The city of Nishapur is, along with Mashhad and Toos, part of the region in northeastern Iran that churned out some of the foremost Muslim thinkers and academics of the Middle Ages. Nishapur’s favorite son, and its primary claim to fame, was Omar Khayyam, possibly the greatest mathematician to live between Euclid and Copernicus. Interestingly, he is even better known for his poetry, as captured in the book The Rubaiyet of Omar Khayyam, possibly the second most popular work of Muslim literature after the 1001 Nights. The strange, geometry-inspired modern sculpture which now marks the site of his tomb is now the most popular site in the city where he is trumpeted as one of the great heroes of science.
Ghiyath Al-Din Abu’l-Fath Umar ibn Ibrahim Al-Nishapuri Al-Khayyami, better known as Omar Khayyam, spent almost all of his long life in and around Nishapur. During his lifetime in the 11th and 12th centuries, Nishapur was the regional capital of Khorasan, and may have been the largest Muslim city east of Baghdad for a time. Nishapur, along with nearby Toos and Mashhad, was an incredibly important center of learning during the Middle Ages, and it was a major base from which Islam spread into Afghanistan and Central Asia.
Omar Khayyam probably began to write and teach in Nishapur sometime around 1075 AD. He was multi-disciplined, and considered an expert on several subjects, including mathematics, various sciences, geography, philosophy and music. But it was in mathematics that he made his greatest mark on the Muslim world. Among his contributions were his studies in solving geometric and algebraic equations; physics and mechanics; and astronomical observations. As an expert in the latter, Omar Khayyam is credited with making early suggestions concerning the establishment of a new calendar as well as challenging geocentrism.
As amazing as his mathematican and scientific contributions to the world were, Omar Khayyam is best known, especially to non-Muslims, for his literature and poetry. In the 19th century, more than seven hundred years after his death, the writer Edward Fitzgerald translated a number of Khayyam’s poems into English and had them published collectively as the Rubaiyet of Omar Khayyam.
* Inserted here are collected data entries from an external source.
Lemma berge_path_card P a b l vs es : berge_path P a b l vs es -> l <= #|P|.
Proof.
move=> [_ _ _ einj step].
have inj : injective (fun i : 'I_l => es i).
  by move=> i j /(einj _ _ (ltn_ord i) (ltn_ord j)) /val_inj.
rewrite -[l in l <= _]card_ord -(card_imset _ inj); apply: subset_leq_card.
by apply/subsetP => _ /imsetP[i _ ->]; have [] := step i (ltn_ord i).
Qed.

Lemma berge_path_cons P Y a b c l vs es : berge_path P c b l vs es ->
  Y \notin P -> a \in Y -> c \in Y -> (forall i, i <= l -> vs i != a) ->
  berge_path (Y |: P) a b l.+1 (fun i => if i is i'.+1 then vs i' else a)
                               (fun i => if i is i'.+1 then es i' else Y).
Proof.
move=> [v0 vl vinj einj step] YP aY cY avoid; split=> //.
- move=> [|i] [|j] //= il jl; first by move=> /esym/eqP; rewrite (negPf (avoid _ jl)).
    by move=> /eqP; rewrite (negPf (avoid _ il)).
  by move=> /vinj ->.
- move=> [|i] [|j] //= il jl.
  + by move=> eY; have [] := step j jl; rewrite -eY (negPf YP).
  + by move=> eY; have [] := step i il; rewrite eY (negPf YP).
  + by move=> /einj ->.
move=> [|i] il /=; first by rewrite setU11 aY v0.
by have [eP ? ?] := step i il; rewrite inE eP orbT.
Qed.

Lemma grown_berge_path E P : grown [set E] P -> forall a b,
  a \in cover P -> b \in cover P -> exists l vs es, berge_path P a b l vs es.
Proof.
have nil P' a : exists l vs es, berge_path P' a a l vs es.
  by exists 0, (fun=> a), (fun=> set0); apply: berge_path_nil.
elim=> [|P' Y gP IH YP' /disjointNP[c cY cP']] a b.
  rewrite cover1 => aE bE; have [<-|ab] := eqVneq a b; first exact: nil.
  rewrite -[[set E]]setU0; do 3!eexists; apply: (berge_path_cons (berge_path_nil _ b)).
  - by rewrite inE.
  - exact: aE.
  - exact: bE.
  - by move=> i _; rewrite eq_sym.
have ext a' b' : a' \notin cover P' -> a' \in Y -> b' \in Y :|: cover P' ->
    exists l vs es, berge_path (Y |: P') a' b' l vs es.
  move=> aP aY; rewrite inE => bYP; have [<-|ab] := eqVneq a' b'; first exact: nil.
  suff [c' [l [vs [es [pth c'Y avoid]]]]] : exists c' l vs es,
      [/\ berge_path P' c' b' l vs es, c' \in Y & forall i, i <= l -> vs i != a'].
    by do 3!eexists; apply: berge_path_cons pth YP' aY c'Y avoid.
  have [bP|bP] := boolP (b' \in cover P').
    have [l [vs [es pth]]] := IH c b' cP' bP; exists c, l, vs, es; split=> // i il.
    by apply: contraNneq aP => <-; apply: berge_path_cover pth cP' i il.
  exists b', 0, (fun=> b'), (fun=> set0); split; first exact: berge_path_nil.
    by move: bYP; rewrite (negPf bP) orbF.
  by move=> i _; rewrite eq_sym.
rewrite coverU1 => aYP bYP; have [aP|aP] := boolP (a \in cover P'); last first.
  by apply: ext => //; move: aYP; rewrite inE (negPf aP) orbF.
have [bP|bP] := boolP (b \in cover P'); last first.
  have [|l [vs [es pth]]] := ext b a bP _ aYP; first by move: bYP; rewrite inE (negPf bP) orbF.
  by do 3!eexists; apply: berge_path_rev pth.
have [l [vs [es pth]]] := IH a b aP bP.
by exists l, vs, es; apply: berge_pathS pth; apply: subsetUr.
Qed.
(* Let all notions be as in the context. If $(\Gamma,\mathsf{eval}\ e,[\,])\Longrightarrow^{*}(\Delta,\mathsf{eval}\ w,[\,])$, where $w$ is a weak head normal form, then $\Gamma;\emptyset;e\Downarrow\Delta;w$.
   Context: The language $\lambda_{\mathrm{PMC}}$ (in normalized form). Expressions: $e ::= x \mid e\,y \mid \lambda m \mid c(y_1,\ldots,y_n)$, where $x,y,y_i$ are variables, $c$ ranges over constructors, and application arguments and constructor arguments are variables. Matchings: $m ::= \mathsf{ret}(e) \mid \mathsf{fail} \mid p \Rightarrow m \mid y \triangleright m \mid m_1 \mid m_2 \mid (m\ \mathsf{where}\ \{x_1=e_1;\ldots;x_n=e_n\})$ (return expression, failure, pattern match, argument supply, alternative, local possibly recursive bindings). Patterns: $p ::= x \mid c(p_1,\ldots,p_n)$ (patterns may be nested). The matching $y_1 \triangleright p_1 \Rightarrow \cdots \Rightarrow y_n \triangleright p_n \Rightarrow m$ associates to the right: $y_1 \triangleright (p_1 \Rightarrow (y_2 \triangleright (\cdots (p_n \Rightarrow m)\cdots)))$. $m[y/x]$ denotes capture-avoiding substitution of $y$ for free occurrences of $x$. Arity: $\mathrm{ar}(\mathsf{ret}(e))=0$, $\mathrm{ar}(\mathsf{fail})=0$, $\mathrm{ar}(p\Rightarrow m)=1+\mathrm{ar}(m)$, $\mathrm{ar}(y\triangleright m)=\max(0,\mathrm{ar}(m)-1)$, $\mathrm{ar}(m_1\mid m_2)=\mathrm{ar}(m_1)$ if $\mathrm{ar}(m_1)=\mathrm{ar}(m_2)$ (undefined otherwise), $\mathrm{ar}(m\ \mathsf{where}\ b)=\mathrm{ar}(m)$. Weak head normal forms: $w ::= \lambda m$ with $\mathrm{ar}(m)>0$, or $c(y_1,\ldots,y_n)$. Matching results: $r ::= \mathsf{ret}(e) \mid \mathsf{fail}$. A heap $\Gamma,\Delta,\Theta$ is a finite map from variables to expressions; $\Gamma[y\mapsto e]$ maps $y$ to $e$ and otherwise agrees with $\Gamma$. An argument stack $A$ is a list of variables; for such a list define $[\,]\triangleright e = e$ and $(y:ys)\triangleright e = ys \triangleright (e\,y)$. $L$ is a set of variables. Big-step semantics: two mutually inductive judgments $\Gamma;L;e \Downarrow \Delta;w$ and $\Gamma;L;A;m \Downarrow_M \Delta;r$ defined by the rules: (Whnf) $\Gamma;L;w \Downarrow \Gamma;w$. (Sat) if $\mathrm{ar}(m)=0$, $\Gamma;L;[\,];m \Downarrow_M \Delta;\mathsf{ret}(e)$ and $\Delta;L;e\Downarrow\Theta;w$, then $\Gamma;L;\lambda m \Downarrow \Theta;w$. (Var) if $\Gamma;L\cup\{y\};e \Downarrow \Delta;w$ then $\Gamma[y\mapsto e];L;y \Downarrow \Delta[y\mapsto w];w$. (App) if $\Gamma;L;e\Downarrow\Delta;\lambda m$ and $\Delta;L;\lambda(y\triangleright m)\Downarrow\Theta;w$ then $\Gamma;L;(e\,y)\Downarrow\Theta;w$. (Return) $\Gamma;L;A;\mathsf{ret}(e)\Downarrow_M\Gamma;\mathsf{ret}(A\triangleright e)$. (Fail) $\Gamma;L;A;\mathsf{fail}\Downarrow_M\Gamma;\mathsf{fail}$. (Arg) if $\Gamma;L;(y:A);m\Downarrow_M\Delta;r$ then $\Gamma;L;A;y\triangleright m\Downarrow_M\Delta;r$. (Bind) if $\Gamma;L;A;m[y/x]\Downarrow_M\Delta;r$ then $\Gamma;L;(y:A);x\Rightarrow m\Downarrow_M\Delta;r$. (Cons1) if $\Gamma;L;y\Downarrow\Delta;c(y_1,\ldots,y_n)$ and $\Delta;L;A;y_1\triangleright p_1\Rightarrow\cdots\Rightarrow y_n\triangleright p_n\Rightarrow m\Downarrow_M\Theta;r$ then $\Gamma;L;(y:A);c(p_1,\ldots,p_n)\Rightarrow m\Downarrow_M\Theta;r$. (Cons2) if $\Gamma;L;y\Downarrow\Delta;c'(y_1,\ldots,y_k)$ with $c\neq c'$ then $\Gamma;L;(y:A);c(p_1,\ldots,p_n)\Rightarrow m\Downarrow_M\Delta;\mathsf{fail}$. (Alt1) if $\Gamma;L;A;m_1\Downarrow_M\Delta;\mathsf{ret}(e)$ then $\Gamma;L;A;(m_1\mid m_2)\Downarrow_M\Delta;\mathsf{ret}(e)$. (Alt2) if $\Gamma;L;A;m_1\Downarrow_M\Delta;\mathsf{fail}$ and $\Delta;L;A;m_2\Downarrow_M\Theta;r$ then $\Gamma;L;A;(m_1\mid m_2)\Downarrow_M\Theta;r$. (Where) if $\Gamma[y_i\mapsto\hat e_i];L;A;\hat m\Downarrow_M\Delta;r$ then $\Gamma;L;A;(m\ \mathsf{where}\ \{x_i=e_i\})\Downarrow_M\Delta;r$, where the $y_i$ are fresh (occur neither free nor bound in $\Gamma$, $L$, $A$, or $m$), $\hat e_i=e_i[y_1/x_1,\ldots,y_n/x_n]$ and $\hat m=m[y_1/x_1,\ldots,y_n/x_n]$. Abstract machine. Controls: $C ::= \mathsf{eval}\ e \mid \mathsf{match}\ A\ m$. Continuations: $k ::= y \mid\ !y \mid \$ \mid ?(A,m) \mid @(A, c(\vec p)\Rightarrow m)$. A return stack $S$ is a list of continuations. Configurations are triples $(\Gamma, C, S)$. Transitions $\Longrightarrow$: (App1) $(\Gamma,\mathsf{eval}\ (e\,y),S)\Longrightarrow(\Gamma,\mathsf{eval}\ e,y:S)$. (App2) $(\Gamma,\mathsf{eval}\ \lambda m,y:S)\Longrightarrow(\Gamma,\mathsf{eval}\ \lambda(y\triangleright m),S)$ if $\mathrm{ar}(m)>0$. (Sat) $(\Gamma,\mathsf{eval}\ \lambda m,S)\Longrightarrow(\Gamma,\mathsf{match}\ [\,]\ m,\$:S)$ if $\mathrm{ar}(m)=0$. (Var) $(\Gamma[y\mapsto e],\mathsf{eval}\ y,S)\Longrightarrow(\Gamma,\mathsf{eval}\ e,!y:S)$. (Update) $(\Gamma,\mathsf{eval}\ w,!y:S)\Longrightarrow(\Gamma[y\mapsto w],\mathsf{eval}\ w,S)$. (Return1A) $(\Gamma,\mathsf{match}\ A\ \mathsf{ret}(e),S)\Longrightarrow(\Gamma,\mathsf{match}\ [\,]\ \mathsf{ret}(A\triangleright e),S)$ if $A\neq[\,]$. (Return1B) $(\Gamma,\mathsf{match}\ [\,]\ \mathsf{ret}(e),\$:S)\Longrightarrow(\Gamma,\mathsf{eval}\ e,S)$. (Return2) $(\Gamma,\mathsf{match}\ [\,]\ \mathsf{ret}(e),?(A',m):S)\Longrightarrow(\Gamma,\mathsf{match}\ [\,]\ \mathsf{ret}(e),S)$. (Bind) $(\Gamma,\mathsf{match}\ (y:A)\ (x\Rightarrow m),S)\Longrightarrow(\Gamma,\mathsf{match}\ A\ m[y/x],S)$. (Cons1) $(\Gamma,\mathsf{match}\ (y:A)\ (c(\vec p)\Rightarrow m),S)\Longrightarrow(\Gamma,\mathsf{eval}\ y,@(A,c(\vec p)\Rightarrow m):S)$. (Cons2) $(\Gamma,\mathsf{eval}\ c(y_1,\ldots,y_n),@(A,c(p_1,\ldots,p_n)\Rightarrow m):S)\Longrightarrow(\Gamma,\mathsf{match}\ A\ (y_1\triangleright p_1\Rightarrow\cdots\Rightarrow y_n\triangleright p_n\Rightarrow m),S)$. (Fail) $(\Gamma,\mathsf{eval}\ c'(y_1,\ldots,y_k),@(A,c(p_1,\ldots,p_n)\Rightarrow m):S)\Longrightarrow(\Gamma,\mathsf{match}\ [\,]\ \mathsf{fail},S)$ if $c\neq c'$. (Arg) $(\Gamma,\mathsf{match}\ A\ (y\triangleright m),S)\Longrightarrow(\Gamma,\mathsf{match}\ (y:A)\ m,S)$. (Alt1) $(\Gamma,\mathsf{match}\ A\ (m_1\mid m_2),S)\Longrightarrow(\Gamma,\mathsf{match}\ A\ m_1,?(A,m_2):S)$. (Alt2) $(\Gamma,\mathsf{match}\ A'\ \mathsf{fail},?(A,m):S)\Longrightarrow(\Gamma,\mathsf{match}\ A\ m,S)$. (Where) $(\Gamma,\mathsf{match}\ A\ (m\ \mathsf{where}\ \{x_i=e_i\}),S)\Longrightarrow(\Gamma[y_i\mapsto\hat e_i],\mathsf{match}\ A\ \hat m,S)$ with $y_i$ fresh, $\hat e_i=e_i[y_1/x_1,\ldots,y_n/x_n]$, $\hat m=m[y_1/x_1,\ldots,y_n/x_n]$. $\Longrightarrow^{*}$ is the reflexive–transitive closure of $\Longrightarrow$. *)

From Stdlib Require Import List Arith Bool.
Import ListNotations.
Many of these poems suggest that Khayyam was skeptical about organized religion, and may have been persecuted in his day as an Islamic Galileo Galilei.
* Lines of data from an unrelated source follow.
(* Let $S,T$ be nonempty subsets of $\{1,\dots,n-1\}$ and let $D$ be the digraph of the Boolean Toeplitz matrix $T_n\langle S;T\rangle$. If two vertices $u$ and $v$ are adjacent in the $m$-step competition graph $C^m(D)$ for some positive integer $m$, then $u-v$ is a multiple of $\gcd\{s+t: s\in S,t\in T\}$.
   Context: $T_n\langle S;T\rangle$ is the $n\times n$ $(0,1)$-matrix whose $(i,j)$-entry is $1$ iff $j-i\in S$ or $i-j\in T$; its digraph has vertex set $[n]$ and arc $(i,j)$ iff that entry is $1$. $C^m(D)$ is the graph on $[n]$ in which distinct $u,v$ are adjacent iff there is a vertex $w$ with directed $(u,w)$-walk and directed $(v,w)$-walk both of length $m$. *)

From mathcomp Require Import all_boot all_order all_algebra.
Set Implicit Arguments. Unset Strict Implicit. Unset Printing Implicit Defensive.
Import GRing.Theory Num.Theory.

(* Vertices of T_n<S;T> are the n elements of 'I_n; vertex k : 'I_n stands for
   the paper's vertex k+1 in [n] (a shift that preserves all differences).
   S and T are subsets of {1,..,n-1}, modelled as sets of 'I_n avoiding 0. *)

Definition toeplitz_arc (n : nat) (S T : {set 'I_n}) (i j : 'I_n) : bool :=
  [exists s in S, (i + s == j :> nat)] || [exists t in T, (j + t == i :> nat)].

Fixpoint walk (n : nat) (S T : {set 'I_n}) (m : nat) (u w : 'I_n) : bool :=
  match m with
  | 0 => u == w
  | m'.+1 => [exists x, toeplitz_arc S T u x && walk S T m' x w]
  end.

Definition mstep_comp_adj (n : nat) (S T : {set 'I_n}) (m : nat) (u v : 'I_n) : bool :=
  (u != v) && [exists w, walk S T m u w && walk S T m v w].

Definition gcd_sums (n : nat) (S T : {set 'I_n}) : nat :=
  \big[gcdn/0]_(s in S) \big[gcdn/0]_(t in T) (s + t)%N.

From mathcomp Require Import all_boot all_order all_algebra.
From mathcomp Require Import ring.
Set Implicit Arguments. Unset Strict Implicit. Unset Printing Implicit Defensive.
Import GRing.Theory.
Local Open Scope ring_scope.

(* Fix s0 in S and t0 in T, and let g be the gcd of the sums s + t.  Every arc
   i -> j satisfies j = i + s0 (mod g): a forward arc j = i + s differs from
   i + s0 by (s + t0) - (s0 + t0), a backward arc j = i - t by -(s0 + t).
   Hence every walk of length m from u ends at a vertex congruent to u + m s0,
   and two such walks ending at a common vertex force u = v (mod g). *)

Lemma gcd_sums_dvd (n : nat) (S T : {set 'I_n}) (s t : 'I_n) :
  s \in S -> t \in T -> (gcd_sums S T %| s + t)%N.
Proof.
move=> sS tT; rewrite /gcd_sums (bigD1 s) //=.
by apply: dvdn_trans (dvdn_gcdl _ _) _; rewrite (bigD1 t) //= dvdn_gcdl.
Qed.

Section WalkCongruence.

Variables (n : nat) (S T : {set 'I_n}) (s0 t0 : 'I_n).
Hypotheses (s0S : s0 \in S) (t0T : t0 \in T).

Local Notation g := (Posz (gcd_sums S T)).

Lemma gcd_sums_dvdz (s t : 'I_n) :
  s \in S -> t \in T -> (g %| Posz s + Posz t)%Z.
Proof. by move=> sS tT; rewrite -PoszD dvdzE gcd_sums_dvd. Qed.

Lemma toeplitz_arc_dvd (i j : 'I_n) :
  toeplitz_arc S T i j -> (g %| Posz j - Posz i - Posz s0)%Z.
Proof.
case/orP=> [/existsP[s /andP[sS /eqP <-]] | /existsP[t /andP[tT /eqP <-]]].
- have -> : Posz (i + s)%N - Posz i - Posz s0
            = (Posz s + Posz t0) - (Posz s0 + Posz t0) by rewrite PoszD; ring.
  by rewrite rpredB ?gcd_sums_dvdz.
- have -> : Posz j - Posz (j + t)%N - Posz s0 = - (Posz s0 + Posz t)
    by rewrite PoszD; ring.
  by rewrite rpredN gcd_sums_dvdz.
Qed.

Lemma walk_dvd (m : nat) (u w : 'I_n) :
  walk S T m u w -> (g %| Posz w - Posz u - Posz s0 *+ m)%Z.
Proof.
elim: m u => [|m IHm] u /=.
  by move=> /eqP ->; rewrite mulr0n subrr subr0 dvdz0.
case/existsP=> x /andP[ux xw].
have -> : Posz w - Posz u - Posz s0 *+ m.+1
          = (Posz w - Posz x - Posz s0 *+ m) + (Posz x - Posz u - Posz s0)
  by rewrite mulrS; ring.
by rewrite rpredD ?IHm ?toeplitz_arc_dvd.
Qed.

End WalkCongruence.

Theorem theorem2p3 (n : nat) (S T : {set 'I_n})
  (hS0 : S != set0) (hT0 : T != set0)
  (hS : forall s, s \in S -> (0 < s)%N)
  (hT : forall t, t \in T -> (0 < t)%N)
  (u v : 'I_n) (m : nat) (hm : (0 < m)%N)
  (hadj : mstep_comp_adj S T m u v) :
  (Posz (gcd_sums S T) %| Posz (nat_of_ord u) - Posz (nat_of_ord v))%Z.
Proof.
case/set0Pn: hS0 => s0 s0S; case/set0Pn: hT0 => t0 t0T.
case/andP: hadj => _ /existsP[w /andP[uw vw]].
have -> : Posz u - Posz v
          = (Posz w - Posz v - Posz s0 *+ m) - (Posz w - Posz u - Posz s0 *+ m)
  by ring.
by rewrite rpredB ?(walk_dvd s0S t0T).
Qed.
Lemma merged_bridge_comp_connb e z : e \in gE G -> z \in C e ->
  connb (delv (merged_bridge G a b e) a) (outer_end G W e) z.
Proof.
move=> eG zC; have Ce : C e != set0 by apply/set0Pn; exists z.
have := zC; rewrite in_bridge_comp => /and3P [_ _ ez].
pose P v := (v \in C e) && connb (delv (merged_bridge G a b e) a) (outer_end G W e) v.
suff /andP [] : P z by [].
apply: (connect_stable (P := P)) ez; last by rewrite /P outer_end_comp //; apply: connect0.
move=> u v /andP [uC eu] /and3P [uv uW vW]; have vC := bridge_comp_adj uC uv vW.
rewrite /P vC; apply: (connect_trans eu) (connect1 _).
have /andP [ua _] := bridge_comp_neq uC; have /andP [va _] := bridge_comp_neq vC.
case/adjbP: uv => f fG uv; apply/adjbP; exists f.
  rewrite delvP in_bridge fG /=.
  by case/orP: uv => /eqP -> /=; rewrite !merge_id // ua va uC ?orbT.
by case/orP: uv => /eqP uv; rewrite /= uv /= !merge_id // eqxx ?orbT.
Qed.

Lemma merged_bridge_loopless e : e \in gE G -> C e != set0 ->
  loopless (merged_bridge G a b e).
Proof.
move=> eG Ce; apply/forallP => f; apply/implyP => /= fF; rewrite /is_loop /=.
have nlf := gend_neq (bridge_sub fF).
move: fF; rewrite bridge_comp_neq0E // => /andP [_ /orP [fC|fC]];
  have /andP [fa _] := bridge_comp_neq fC; rewrite (merge_id (bridge_comp_notW fC)).
- by have [fW|fW] := boolP ((gend G f).2 \in W); rewrite ?(merge_pole fW) ?(merge_id fW).
- have [fW|fW] := boolP ((gend G f).1 \in W); rewrite ?(merge_pole fW) ?(merge_id fW) //.
  by rewrite eq_sym.
Qed.

Lemma nonsep_merged_bridge_comp0 e : e \in gE G -> C e = set0 ->
  nonsep (merged_bridge G a b e).
Proof.
move=> eG Ce0; have Va : gV (merged_bridge G a b e) = [set a] by rewrite /= Ce0 setU0.
have Fe : F e = [set e].
  apply/setP => f; rewrite in_bridge Ce0 !in_set0 !orbF inE.
  by case: eqP => [->|]; rewrite ?eG ?andbF.
apply/and3P; split; last by rewrite Va [gE _]Fe !cards1 eqxx orbT.
- apply: (connected_hub (t := a)); rewrite Va ?inE // => y; rewrite inE => /eqP ->.
  exact: connect0.
- apply/forallP => v; apply: (not_cutv_hub (t := a)) => y.
  by rewrite Va !inE => /andP [_ /eqP ->]; apply: connect0.
Qed.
Omar Khayyam died in 1131 AD at the age of 83. By the time of his death, he had achieved prominence as the greatest scientist of his age. His writings and teachings quickly spread to every corner of the Muslim world and beyond. His ideas were one of the major reasons that the Middle East emerged into a golden age of science while Europe still lingered in the dark ages. His tomb in Nishapur has become a favorite stopping point for pilgrims on their way to Masjid Imam Ridha in Mashhad, and remains to this day one of the most visited burial sites in all of Iran.
Omar Khayyam was buried outside of Nishapur, which came in handy when the Mongols arrived and laid waste to the city in 1221 AD but left the burial site undisturbed. However, though the grave dates to the 12th century, the current monument marking his tomb is only a few decades old. It is shaped like an inverted hyperbolic cone dissected by numerous planes, an ode to Khayyam’s work on geometry. Inscribed on it surfaces are some of his more memorable writings.
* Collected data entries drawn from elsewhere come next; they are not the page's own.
Lemma bad_coordinate_exists w u : X w -> X u -> w <> u ->
  exists j, ~ power_in K (single j w).
Proof.
move=> Xw Xu wu; apply: NNPP => all_good.
have [sH [sK [_ HK1]]] := HK.
have [k [k_gt0 Kwk]] : power_in K w.
  by apply: power_in_of_single sK _ => j; apply: NNPP => bad; apply: all_good; exists j.
have wk1 : gpow w k = gone := HK1 _ (subgroup_gpow k sH (XH Xw)) Kwk.
apply: (X_indep Xw Xu wu (p:=k) (q:=1)) => //.
by rewrite wk1; apply/gcommute_sym/gcommute1.
Qed.

(* [C_H(u)] is contained in [C_H(h)]; maximality of [C_H(u)] turns this into
   an equality because [h <> 1]. *)
Lemma centraliser_H_part u i a h c : X u -> H h -> K c -> h <> gone ->
  gpow (single i u) a = gmul h c ->
  forall x, H x -> gcommute x u <-> gcommute x h.
Proof.
have [_ [_ [cHK _]]] := HK.
move=> Xu Hh Kc h_ne1 E.
have sub x : H x -> gcommute x u -> gcommute x h.
  move=> Hx cxu.
  have : gcommute x (gpow (single i u) a) by apply/gcommuteX/gcommute_restrict.
  rewrite E /gcommute => cxhc; apply: (@mulIg _ c).
  by rewrite -gmulA cxhc -gmulA -(cHK _ _ Hx Kc) gmulA.
move=> x Hx; split; first exact: sub.
move=> cxh; apply: NNPP => ncxu; apply: h_ne1; apply: (X_maxc Xu Hh).
split; first by move=> y [Hy cyu]; split; last exact: sub.
by exists x; split=> // [[_ ?]].
Qed.

Lemma bad_coordinates_eq u v i j : X u -> X v -> u <> v ->
  ~ power_in K (single i u) -> ~ power_in K (single j v) -> i = j.
Proof.
move=> Xu Xv uv bad_u bad_v; apply: NNPP => ij.
have HK_power x := finite_index_power_in x (prod_set_subgroup HK) HK_finite_index.
have [a [a_gt0 [h [c [Hh [Kc Ea]]]]]] := HK_power (single i u).
have [b [b_gt0 [h' [c' [Hh' [Kc' Eb]]]]]] := HK_power (single j v).
have h_ne1 : h <> gone by move=> h1; apply: bad_u; exists a; rewrite Ea h1 gmul1.
have h'_ne1 : h' <> gone by move=> h1; apply: bad_v; exists b; rewrite Eb h1 gmul1.
have c_single : gcommute (single i u) (single j v).
  by apply: gcommute_restrict2 => l /eqP -> /eqP.
have chh' : gcommute h h'.
  by apply: (gcommute_H_parts HK Hh Kc Hh' Kc'); rewrite -Ea -Eb; apply: gcommuteX2.
have ch'u : gcommute h' u.
  exact/(centraliser_H_part Xu Hh Kc h_ne1 Ea Hh')/gcommute_sym.
have cuv : gcommute u v.
  exact/(centraliser_H_part Xv Hh' Kc' h'_ne1 Eb (XH Xu))/gcommute_sym.
by apply: (X_indep Xu Xv uv (p:=1) (q:=1)) => //; rewrite !gpow1.
Qed.

Hypothesis X_two : exists s t, X s /\ X t /\ s <> t.

Lemma bad_coordinate_unique u v i j : X u -> X v ->
  ~ power_in K (single i u) -> ~ power_in K (single j v) -> i = j.
Proof.
move=> Xu Xv bad_u bad_v.
case: (classic (u = v)) => [vu | uv]; last exact: bad_coordinates_eq Xu Xv uv bad_u bad_v.
subst v.
have [w [Xw wu]] : exists w, X w /\ w <> u.
  have [s [t [Xs [Xt st]]]] := X_two.
  case: (classic (s = u)) => [su|su]; last by exists s.
  by exists t; split=> //; rewrite -su; apply: nesym.
have [l bad_w] := bad_coordinate_exists Xw Xu wu.
by rewrite (bad_coordinates_eq Xu Xw (nesym wu) bad_u bad_w)
           (bad_coordinates_eq Xu Xw (nesym wu) bad_v bad_w).
Qed.

End VirtuallyCentralCoordinates.

Theorem lemma3p5 (n : nat) (A : 'I_n -> AGroup)
  (H K : prodGroup A -> Prop) :
  internal_direct_product H K ->
  finite_index (prod_set H K) (whole (G := prodGroup A)) ->
  (forall i, almost_stable_centralisers (A i)) ->
  ~ cyclic_subgroup H ->
  (exists X, IMC_generating_set H X) ->
  exists i : 'I_n, forall h : prodGroup A, H h ->
    forall j : 'I_n, j <> i -> virtual_centre (h j).
Proof.
move=> HK fiHK asc not_cyclic [X [XH [X_gen [X_indep X_maxc]]]].
have X_two := two_generators (proj1 HK) XH not_cyclic X_gen.
have [s [t [Xs [Xt st]]]] := X_two.
have [i bad_s] := bad_coordinate_exists HK XH X_indep Xs Xt st.
exists i => h Hh j ji.
apply: (virtual_centre_coord_of_generators HK fiHK XH (asc j) X_gen) => // v Xv.
apply: NNPP => bad_v; apply: ji.
exact: (bad_coordinate_unique HK fiHK XH X_indep X_maxc X_two Xv Xs bad_v bad_s).
Qed.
The Tomb of Omar Khayyam is located on the perimeter of the old city of Nishapur, approximately 40 miles west of Mashhad and 380 miles east of Teheran. It is otherwise an open site and can be visited freely at any time. Web: www.tourismiran.ir (official tourism website of Iran)
Nishapur remains to this day an important center of Persian literature, art and culture. Among the city’s other important cultural sites are the Tomb of Farid Al-Din Attar, a 12th century writer, and Kamal-Ol-Molk, a 19th century artist. Also in Nishapur is the locally famous Wooden Mosque, an extreme architectural rarity in the Middle East.